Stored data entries
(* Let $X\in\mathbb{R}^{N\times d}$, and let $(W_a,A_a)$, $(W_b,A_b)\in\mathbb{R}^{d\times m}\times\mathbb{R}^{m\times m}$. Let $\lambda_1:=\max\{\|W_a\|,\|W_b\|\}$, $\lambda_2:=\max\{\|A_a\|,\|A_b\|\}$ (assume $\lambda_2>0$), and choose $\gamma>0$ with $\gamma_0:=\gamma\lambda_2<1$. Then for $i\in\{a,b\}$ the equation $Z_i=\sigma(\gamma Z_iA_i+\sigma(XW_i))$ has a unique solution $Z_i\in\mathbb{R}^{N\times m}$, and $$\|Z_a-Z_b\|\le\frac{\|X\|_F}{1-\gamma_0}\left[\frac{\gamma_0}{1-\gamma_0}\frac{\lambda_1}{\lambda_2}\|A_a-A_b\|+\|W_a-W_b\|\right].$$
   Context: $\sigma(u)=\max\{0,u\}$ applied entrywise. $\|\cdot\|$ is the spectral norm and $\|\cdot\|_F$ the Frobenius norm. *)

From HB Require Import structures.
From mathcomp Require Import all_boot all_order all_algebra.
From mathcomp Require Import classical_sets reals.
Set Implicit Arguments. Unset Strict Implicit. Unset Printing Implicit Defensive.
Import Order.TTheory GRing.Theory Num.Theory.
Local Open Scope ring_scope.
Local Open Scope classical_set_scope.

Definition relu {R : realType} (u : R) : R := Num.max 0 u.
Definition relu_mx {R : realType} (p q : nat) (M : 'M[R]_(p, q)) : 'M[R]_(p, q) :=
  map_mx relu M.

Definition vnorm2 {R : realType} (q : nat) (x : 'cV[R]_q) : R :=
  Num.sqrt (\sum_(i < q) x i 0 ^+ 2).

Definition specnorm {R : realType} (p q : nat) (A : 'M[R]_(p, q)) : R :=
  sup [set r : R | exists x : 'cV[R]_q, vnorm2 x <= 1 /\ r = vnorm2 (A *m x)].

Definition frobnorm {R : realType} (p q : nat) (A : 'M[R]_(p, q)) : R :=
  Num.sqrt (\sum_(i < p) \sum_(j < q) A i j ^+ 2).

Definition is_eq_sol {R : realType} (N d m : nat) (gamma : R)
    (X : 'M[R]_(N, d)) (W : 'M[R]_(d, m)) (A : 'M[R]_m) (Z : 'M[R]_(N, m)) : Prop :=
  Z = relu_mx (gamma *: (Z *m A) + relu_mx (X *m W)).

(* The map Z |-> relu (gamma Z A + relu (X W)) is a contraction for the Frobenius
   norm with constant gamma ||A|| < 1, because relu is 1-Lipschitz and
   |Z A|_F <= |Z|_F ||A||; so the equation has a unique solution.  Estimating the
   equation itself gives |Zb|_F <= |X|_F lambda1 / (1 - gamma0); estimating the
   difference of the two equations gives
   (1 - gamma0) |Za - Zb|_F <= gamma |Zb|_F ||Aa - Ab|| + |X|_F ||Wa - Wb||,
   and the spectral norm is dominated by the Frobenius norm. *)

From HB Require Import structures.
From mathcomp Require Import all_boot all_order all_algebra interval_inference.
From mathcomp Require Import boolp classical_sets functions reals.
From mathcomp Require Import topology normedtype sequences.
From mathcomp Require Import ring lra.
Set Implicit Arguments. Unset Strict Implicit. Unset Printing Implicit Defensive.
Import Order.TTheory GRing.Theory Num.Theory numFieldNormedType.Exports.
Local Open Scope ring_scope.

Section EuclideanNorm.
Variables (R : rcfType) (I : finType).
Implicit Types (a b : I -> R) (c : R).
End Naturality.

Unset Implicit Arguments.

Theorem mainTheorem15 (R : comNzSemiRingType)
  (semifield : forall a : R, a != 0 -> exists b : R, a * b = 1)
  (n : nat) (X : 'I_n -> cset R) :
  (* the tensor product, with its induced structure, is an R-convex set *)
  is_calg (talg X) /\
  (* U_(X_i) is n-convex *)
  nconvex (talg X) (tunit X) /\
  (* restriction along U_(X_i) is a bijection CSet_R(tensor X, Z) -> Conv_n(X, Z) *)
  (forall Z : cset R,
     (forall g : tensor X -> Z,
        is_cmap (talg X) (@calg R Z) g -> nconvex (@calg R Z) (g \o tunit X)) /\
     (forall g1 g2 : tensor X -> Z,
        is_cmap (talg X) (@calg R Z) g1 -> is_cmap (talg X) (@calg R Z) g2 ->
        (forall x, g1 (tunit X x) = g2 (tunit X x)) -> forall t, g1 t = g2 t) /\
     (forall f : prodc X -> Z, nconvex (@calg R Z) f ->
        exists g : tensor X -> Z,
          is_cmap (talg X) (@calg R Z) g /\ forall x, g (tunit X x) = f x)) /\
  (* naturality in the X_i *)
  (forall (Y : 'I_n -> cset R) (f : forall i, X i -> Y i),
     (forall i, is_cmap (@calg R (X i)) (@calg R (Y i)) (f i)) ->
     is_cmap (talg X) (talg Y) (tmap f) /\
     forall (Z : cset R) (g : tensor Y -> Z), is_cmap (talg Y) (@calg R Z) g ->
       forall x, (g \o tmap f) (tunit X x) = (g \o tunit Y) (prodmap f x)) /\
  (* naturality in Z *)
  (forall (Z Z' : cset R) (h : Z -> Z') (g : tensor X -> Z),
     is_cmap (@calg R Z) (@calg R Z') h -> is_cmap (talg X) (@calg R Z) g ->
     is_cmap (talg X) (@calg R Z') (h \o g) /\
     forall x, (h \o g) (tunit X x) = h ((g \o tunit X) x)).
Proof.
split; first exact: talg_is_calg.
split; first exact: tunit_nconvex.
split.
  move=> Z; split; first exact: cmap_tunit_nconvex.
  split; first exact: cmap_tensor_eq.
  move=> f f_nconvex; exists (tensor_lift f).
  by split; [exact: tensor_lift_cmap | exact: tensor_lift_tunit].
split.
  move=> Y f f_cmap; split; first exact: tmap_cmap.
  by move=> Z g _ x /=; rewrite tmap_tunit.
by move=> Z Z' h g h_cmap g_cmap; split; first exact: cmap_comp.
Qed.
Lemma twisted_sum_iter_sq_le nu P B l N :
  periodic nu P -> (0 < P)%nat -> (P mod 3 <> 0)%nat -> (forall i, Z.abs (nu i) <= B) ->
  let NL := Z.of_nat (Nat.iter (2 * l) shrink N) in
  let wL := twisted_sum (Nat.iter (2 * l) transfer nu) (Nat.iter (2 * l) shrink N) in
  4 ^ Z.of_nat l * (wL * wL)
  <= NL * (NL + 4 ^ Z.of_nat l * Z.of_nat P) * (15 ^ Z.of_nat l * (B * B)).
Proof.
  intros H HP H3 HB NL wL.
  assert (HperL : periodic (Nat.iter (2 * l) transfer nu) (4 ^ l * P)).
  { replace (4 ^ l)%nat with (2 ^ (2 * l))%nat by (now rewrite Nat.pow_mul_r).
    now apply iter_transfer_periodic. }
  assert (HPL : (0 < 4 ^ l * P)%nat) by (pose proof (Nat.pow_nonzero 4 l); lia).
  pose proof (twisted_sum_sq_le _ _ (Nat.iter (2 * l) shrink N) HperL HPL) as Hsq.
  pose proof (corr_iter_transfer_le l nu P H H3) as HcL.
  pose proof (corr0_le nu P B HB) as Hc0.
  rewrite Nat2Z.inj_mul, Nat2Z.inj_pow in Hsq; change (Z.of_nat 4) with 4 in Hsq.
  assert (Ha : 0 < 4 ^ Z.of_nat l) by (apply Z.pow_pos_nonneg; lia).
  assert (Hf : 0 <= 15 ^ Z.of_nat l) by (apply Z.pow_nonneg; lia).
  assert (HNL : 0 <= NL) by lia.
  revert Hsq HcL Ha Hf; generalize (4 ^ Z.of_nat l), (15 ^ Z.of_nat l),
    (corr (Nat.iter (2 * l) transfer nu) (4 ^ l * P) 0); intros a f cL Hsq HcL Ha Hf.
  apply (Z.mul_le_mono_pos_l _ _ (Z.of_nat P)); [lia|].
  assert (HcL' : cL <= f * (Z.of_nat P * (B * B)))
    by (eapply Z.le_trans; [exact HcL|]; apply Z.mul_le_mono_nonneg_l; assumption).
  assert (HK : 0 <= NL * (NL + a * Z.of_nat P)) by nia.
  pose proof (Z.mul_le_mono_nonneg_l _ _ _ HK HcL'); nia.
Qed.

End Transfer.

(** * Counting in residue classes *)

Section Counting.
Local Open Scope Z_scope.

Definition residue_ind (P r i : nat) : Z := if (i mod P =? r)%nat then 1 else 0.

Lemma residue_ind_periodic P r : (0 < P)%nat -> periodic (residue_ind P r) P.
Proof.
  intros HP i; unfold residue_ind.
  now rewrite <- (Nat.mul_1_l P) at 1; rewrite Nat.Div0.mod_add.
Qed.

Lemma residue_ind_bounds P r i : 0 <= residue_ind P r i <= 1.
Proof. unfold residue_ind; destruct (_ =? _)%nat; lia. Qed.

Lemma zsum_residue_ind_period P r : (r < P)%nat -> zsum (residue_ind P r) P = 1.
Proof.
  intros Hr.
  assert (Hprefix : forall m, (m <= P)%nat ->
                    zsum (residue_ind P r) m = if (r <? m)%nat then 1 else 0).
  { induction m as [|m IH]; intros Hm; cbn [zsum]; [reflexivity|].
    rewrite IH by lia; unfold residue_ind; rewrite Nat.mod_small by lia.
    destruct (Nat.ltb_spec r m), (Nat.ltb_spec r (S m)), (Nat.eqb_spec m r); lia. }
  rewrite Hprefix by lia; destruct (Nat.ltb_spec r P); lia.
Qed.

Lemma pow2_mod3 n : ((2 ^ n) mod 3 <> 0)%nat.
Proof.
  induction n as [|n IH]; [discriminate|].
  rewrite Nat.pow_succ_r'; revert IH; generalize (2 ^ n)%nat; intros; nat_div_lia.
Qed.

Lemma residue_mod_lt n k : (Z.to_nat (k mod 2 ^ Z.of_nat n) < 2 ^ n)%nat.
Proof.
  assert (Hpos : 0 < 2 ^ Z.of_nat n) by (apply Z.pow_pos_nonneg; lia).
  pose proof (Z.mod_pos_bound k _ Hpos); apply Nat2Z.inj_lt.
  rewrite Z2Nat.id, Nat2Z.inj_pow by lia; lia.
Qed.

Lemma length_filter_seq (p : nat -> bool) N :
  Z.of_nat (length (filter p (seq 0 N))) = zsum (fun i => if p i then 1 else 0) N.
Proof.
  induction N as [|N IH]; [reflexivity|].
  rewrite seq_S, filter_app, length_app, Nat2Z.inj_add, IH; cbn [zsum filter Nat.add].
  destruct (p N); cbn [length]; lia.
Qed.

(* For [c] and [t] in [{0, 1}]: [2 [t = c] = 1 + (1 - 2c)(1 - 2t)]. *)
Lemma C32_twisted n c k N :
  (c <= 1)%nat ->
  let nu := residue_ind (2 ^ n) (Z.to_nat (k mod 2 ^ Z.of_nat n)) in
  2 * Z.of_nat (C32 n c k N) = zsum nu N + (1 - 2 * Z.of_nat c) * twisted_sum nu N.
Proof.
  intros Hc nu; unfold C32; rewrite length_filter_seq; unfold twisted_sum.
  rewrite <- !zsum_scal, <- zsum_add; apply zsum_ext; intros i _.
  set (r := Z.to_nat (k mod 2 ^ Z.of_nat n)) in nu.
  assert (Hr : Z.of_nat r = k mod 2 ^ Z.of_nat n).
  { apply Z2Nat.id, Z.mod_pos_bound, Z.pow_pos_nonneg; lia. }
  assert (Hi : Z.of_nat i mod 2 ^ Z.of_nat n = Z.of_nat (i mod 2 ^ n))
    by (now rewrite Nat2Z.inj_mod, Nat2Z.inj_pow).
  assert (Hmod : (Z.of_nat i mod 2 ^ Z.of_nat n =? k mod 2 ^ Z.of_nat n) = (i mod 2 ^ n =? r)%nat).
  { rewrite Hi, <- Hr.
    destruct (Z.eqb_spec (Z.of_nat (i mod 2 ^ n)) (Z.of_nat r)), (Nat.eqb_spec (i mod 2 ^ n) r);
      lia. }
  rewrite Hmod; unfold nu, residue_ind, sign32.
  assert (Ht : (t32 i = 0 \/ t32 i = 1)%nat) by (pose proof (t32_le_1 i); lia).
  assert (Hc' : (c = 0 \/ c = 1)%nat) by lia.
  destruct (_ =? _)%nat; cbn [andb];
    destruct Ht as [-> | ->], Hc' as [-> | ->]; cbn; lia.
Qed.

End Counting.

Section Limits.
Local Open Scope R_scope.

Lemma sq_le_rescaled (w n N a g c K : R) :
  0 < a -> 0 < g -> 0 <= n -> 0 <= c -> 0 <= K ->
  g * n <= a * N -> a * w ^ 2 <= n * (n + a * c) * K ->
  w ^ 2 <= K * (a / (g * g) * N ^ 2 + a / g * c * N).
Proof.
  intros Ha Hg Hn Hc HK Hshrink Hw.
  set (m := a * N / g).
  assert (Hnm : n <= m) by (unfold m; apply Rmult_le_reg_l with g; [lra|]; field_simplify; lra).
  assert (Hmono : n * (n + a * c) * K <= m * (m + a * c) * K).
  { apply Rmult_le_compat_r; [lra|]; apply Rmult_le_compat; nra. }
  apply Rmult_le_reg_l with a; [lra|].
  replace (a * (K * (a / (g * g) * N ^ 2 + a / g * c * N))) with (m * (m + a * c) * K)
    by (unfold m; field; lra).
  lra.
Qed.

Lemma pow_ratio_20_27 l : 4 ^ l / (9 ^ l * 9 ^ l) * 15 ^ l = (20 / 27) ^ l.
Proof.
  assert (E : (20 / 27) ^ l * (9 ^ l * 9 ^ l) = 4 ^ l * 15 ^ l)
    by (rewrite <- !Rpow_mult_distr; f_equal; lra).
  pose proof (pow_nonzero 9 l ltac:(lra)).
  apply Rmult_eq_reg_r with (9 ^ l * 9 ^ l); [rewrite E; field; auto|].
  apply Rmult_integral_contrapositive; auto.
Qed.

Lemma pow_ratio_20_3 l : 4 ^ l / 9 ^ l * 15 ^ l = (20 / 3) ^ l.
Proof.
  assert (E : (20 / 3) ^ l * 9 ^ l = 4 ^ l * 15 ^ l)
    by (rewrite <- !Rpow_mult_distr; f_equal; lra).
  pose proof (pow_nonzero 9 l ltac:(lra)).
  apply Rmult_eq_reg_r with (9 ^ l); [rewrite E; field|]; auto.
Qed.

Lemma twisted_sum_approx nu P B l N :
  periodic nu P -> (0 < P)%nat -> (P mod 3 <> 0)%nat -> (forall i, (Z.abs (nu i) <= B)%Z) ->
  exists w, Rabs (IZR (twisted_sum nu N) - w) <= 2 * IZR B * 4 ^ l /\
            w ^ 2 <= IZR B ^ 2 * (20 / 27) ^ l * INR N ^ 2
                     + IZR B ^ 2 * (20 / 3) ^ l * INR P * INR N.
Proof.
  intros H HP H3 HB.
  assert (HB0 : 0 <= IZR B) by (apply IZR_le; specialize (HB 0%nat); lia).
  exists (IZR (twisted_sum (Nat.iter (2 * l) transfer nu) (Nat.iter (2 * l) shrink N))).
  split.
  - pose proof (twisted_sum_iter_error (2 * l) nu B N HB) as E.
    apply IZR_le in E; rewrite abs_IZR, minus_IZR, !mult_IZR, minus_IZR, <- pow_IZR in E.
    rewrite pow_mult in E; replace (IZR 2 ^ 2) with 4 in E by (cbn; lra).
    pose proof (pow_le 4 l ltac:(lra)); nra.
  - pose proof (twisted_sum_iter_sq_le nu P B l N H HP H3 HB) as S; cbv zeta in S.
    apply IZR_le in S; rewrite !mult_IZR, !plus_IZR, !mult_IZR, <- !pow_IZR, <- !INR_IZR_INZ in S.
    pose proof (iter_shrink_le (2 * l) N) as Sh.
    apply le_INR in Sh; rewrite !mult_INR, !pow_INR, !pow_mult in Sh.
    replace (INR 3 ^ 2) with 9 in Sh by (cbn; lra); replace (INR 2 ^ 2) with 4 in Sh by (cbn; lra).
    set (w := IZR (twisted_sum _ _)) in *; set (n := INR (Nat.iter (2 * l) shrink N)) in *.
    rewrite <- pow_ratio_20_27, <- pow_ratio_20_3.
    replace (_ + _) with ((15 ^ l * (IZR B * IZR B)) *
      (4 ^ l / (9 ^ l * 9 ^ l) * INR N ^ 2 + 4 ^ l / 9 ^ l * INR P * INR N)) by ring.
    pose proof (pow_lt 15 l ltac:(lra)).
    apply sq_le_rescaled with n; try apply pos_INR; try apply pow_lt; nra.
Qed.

What you should do
Beginning with the very first line of the records above, please retype each line through the one that has "(x : 'cV[R]_q)", and add nothing.

Your response
(* Let $X\in\mathbb{R}^{N\times d}$, and let $(W_a,A_a)$, $(W_b,A_b)\in\mathbb{R}^{d\times m}\times\mathbb{R}^{m\times m}$. Let $\lambda_1:=\max\{\|W_a\|,\|W_b\|\}$, $\lambda_2:=\max\{\|A_a\|,\|A_b\|\}$ (assume $\lambda_2>0$), and choose $\gamma>0$ with $\gamma_0:=\gamma\lambda_2<1$. Then for $i\in\{a,b\}$ the equation $Z_i=\sigma(\gamma Z_iA_i+\sigma(XW_i))$ has a unique solution $Z_i\in\mathbb{R}^{N\times m}$, and $$\|Z_a-Z_b\|\le\frac{\|X\|_F}{1-\gamma_0}\left[\frac{\gamma_0}{1-\gamma_0}\frac{\lambda_1}{\lambda_2}\|A_a-A_b\|+\|W_a-W_b\|\right].$$
   Context: $\sigma(u)=\max\{0,u\}$ applied entrywise. $\|\cdot\|$ is the spectral norm and $\|\cdot\|_F$ the Frobenius norm. *)

From HB Require Import structures.
From mathcomp Require Import all_boot all_order all_algebra.
From mathcomp Require Import classical_sets reals.
Set Implicit Arguments. Unset Strict Implicit. Unset Printing Implicit Defensive.
Import Order.TTheory GRing.Theory Num.Theory.
Local Open Scope ring_scope.
Local Open Scope classical_set_scope.

Definition relu {R : realType} (u : R) : R := Num.max 0 u.
Definition relu_mx {R : realType} (p q : nat) (M : 'M[R]_(p, q)) : 'M[R]_(p, q) :=
  map_mx relu M.

Definition vnorm2 {R : realType} (q : nat) (x : 'cV[R]_q) : R :=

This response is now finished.